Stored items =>
-- Opening Marker --
Lemma card_sigT_tag (X : finType) (w : X -> nat) (pr : pred X) :
  #|[set p : {x : X & 'I_(w x)} | pr (tag p)]| = \sum_(x | pr x) w x.
Proof.
rewrite -sum1_card (partition_big (@tag X (fun x => 'I_(w x))) pr); last first.
  by move=> p; rewrite inE.
apply: eq_bigr => x px; rewrite sum1dep_card.
rewrite -[RHS](card_ord (w x)) -(card_imset _ (@eq_from_Tagged _ (fun x => 'I_(w x)) x)).
apply: eq_card => -[y j]; rewrite !inE /=.
apply/andP/imsetP=> [[_ /eqP yx] | [j' _ /(congr1 tag) /= ->]]; first by subst y; exists j.
by rewrite px.
Qed.

Lemma sumn_card_partition (T : finType) (G : {set {set T}}) :
  partition G [set: T] -> sumn [seq #|A| | A : {set T} <- enum G] = #|T|.
Proof.
by move=> partG; rewrite sumnE big_map big_enum -cardsT (card_partition partG).
Qed.

Definition fibre_sizes (P : finType) (S : {set P}) k (g : P -> 'I_k) : seq nat :=
  [seq #|[set p in S | g p == i]| | i <- enum 'I_k].

Lemma sumn_fibre_sizes (P : finType) (S : {set P}) k (g : P -> 'I_k) :
  sumn (fibre_sizes S g) = #|S|.
Proof.
rewrite sumnE big_map big_enum /= -sum1_card (partition_big g predT) //=.
by apply: eq_bigr => i _; rewrite -sum1dep_card; apply: eq_bigl => p.
Qed.

Lemma fibre_sizes_fst k (Y : finType) :
  fibre_sizes [set: 'I_k * Y] fst = nseq k #|Y|.
Proof.
rewrite -[k in nseq k](size_enum_ord k) -map_const; apply: eq_map => i.
have -> : [set p in [set: 'I_k * Y] | p.1 == i] = setX [set i] [set: Y].
  by apply/setP=> -[a b]; rewrite !inE andbT.
by rewrite cardsX cards1 cardsT mul1n.
Qed.

Lemma partition_fibre_bij (T P : finType) (G : {set {set T}}) (S : {set P}) k
    (g : P -> 'I_k) :
  partition G [set: T] -> perm_eq (fibre_sizes S g) [seq #|A| | A : {set T} <- enum G] ->
  exists phi : T -> P, [/\ injective phi, phi @: [set: T] = S &
    forall x y, (pblock G x == pblock G y) = (g (phi x) == g (phi y))].
Proof.
move=> partG sizes_eq.
have cardTS : #|T| = #|S|.
  by rewrite -(sumn_fibre_sizes S g) (perm_sumn sizes_eq) sumn_card_partition.
have [p0 _|P_empty] := pickP (@predT P); last first.
  have T_empty (x : T) : False.
    have := max_card (mem S); rewrite -cardTS.
    by rewrite (eq_card0 (A := @predT P)) // (cardD1 x).
  exists (fun x => match T_empty x with end).
  by split=> [x | | x]; [case: T_empty | apply/setP=> p; have := P_empty p | case: T_empty].
have inG x : pblock G x \in G by rewrite pblock_mem ?(cover_partition partG).
have in_pblock x : x \in pblock G x by rewrite mem_pblock (cover_partition partG).
set fib := fun i => [set p in S | g p == i].
(* Label each group by a fibre of the same size, then map it onto that fibre
   position by position in their enumerations. *)
have [labs perm_labs card_labs] := perm_map_lift sizes_eq.
have size_labs : size labs = size (enum G).
  by rewrite -(size_map (fun i => #|fib i|)) card_labs size_map.
pose lab A := nth (g p0) labs (index A (enum G)).
have card_lab A : A \in G -> #|A| = #|fib (lab A)|.
  move=> GA; have idx : index A (enum G) < size labs by rewrite size_labs index_mem mem_enum.
  have := congr1 (nth 0 ^~ (index A (enum G))) card_labs.
  by rewrite !(nth_map (g p0)) -?size_labs // (nth_map set0) -?size_labs // nth_index ?mem_enum.
have lab_inj : {in G &, injective lab}.
  move=> A B GA GB /eqP; rewrite /lab nth_uniq ?size_labs ?index_mem ?mem_enum //.
    by move/eqP/index_inj => -> //; rewrite mem_enum.
  by rewrite -(perm_uniq perm_labs) enum_uniq.
pose phi x := nth p0 (enum (fib (lab (pblock G x)))) (index x (enum (pblock G x))).
have idx_fib x : index x (enum (pblock G x)) < size (enum (fib (lab (pblock G x)))).
  by rewrite -cardE -card_lab // cardE index_mem mem_enum.
have phi_fib x : phi x \in fib (lab (pblock G x)) by rewrite -mem_enum mem_nth.
have phiS x : phi x \in S by have := phi_fib x; rewrite inE => /andP [].
have g_phi x : g (phi x) = lab (pblock G x) by have := phi_fib x; rewrite inE => /andP [_ /eqP].
have same_group x y : (pblock G x == pblock G y) = (g (phi x) == g (phi y)).
  by rewrite !g_phi (inj_in_eq lab_inj).
have phi_inj : injective phi.
  move=> x y phixy; have /eqP Gxy : pblock G x == pblock G y by rewrite same_group phixy.
  move/eqP: phixy; rewrite /phi Gxy nth_uniq ?enum_uniq //; last by rewrite -Gxy.
  by move/eqP; apply: (index_inj x); rewrite mem_enum; [rewrite -Gxy |].
exists phi; split=> //; apply/eqP; rewrite eqEcard card_imset // cardsT cardTS leqnn andbT.
by apply/subsetP=> _ /imsetP [x _ ->].
Qed.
-- Closing Marker --
Write down exactly the span of lines above from the one containing "position by position" to the one containing "pose lab A := nth", both ends included.

Task answer =>
   position by position in their enumerations. *)
have [labs perm_labs card_labs] := perm_map_lift sizes_eq.
have size_labs : size labs = size (enum G).
  by rewrite -(size_map (fun i => #|fib i|)) card_labs size_map.
pose lab A := nth (g p0) labs (index A (enum G)).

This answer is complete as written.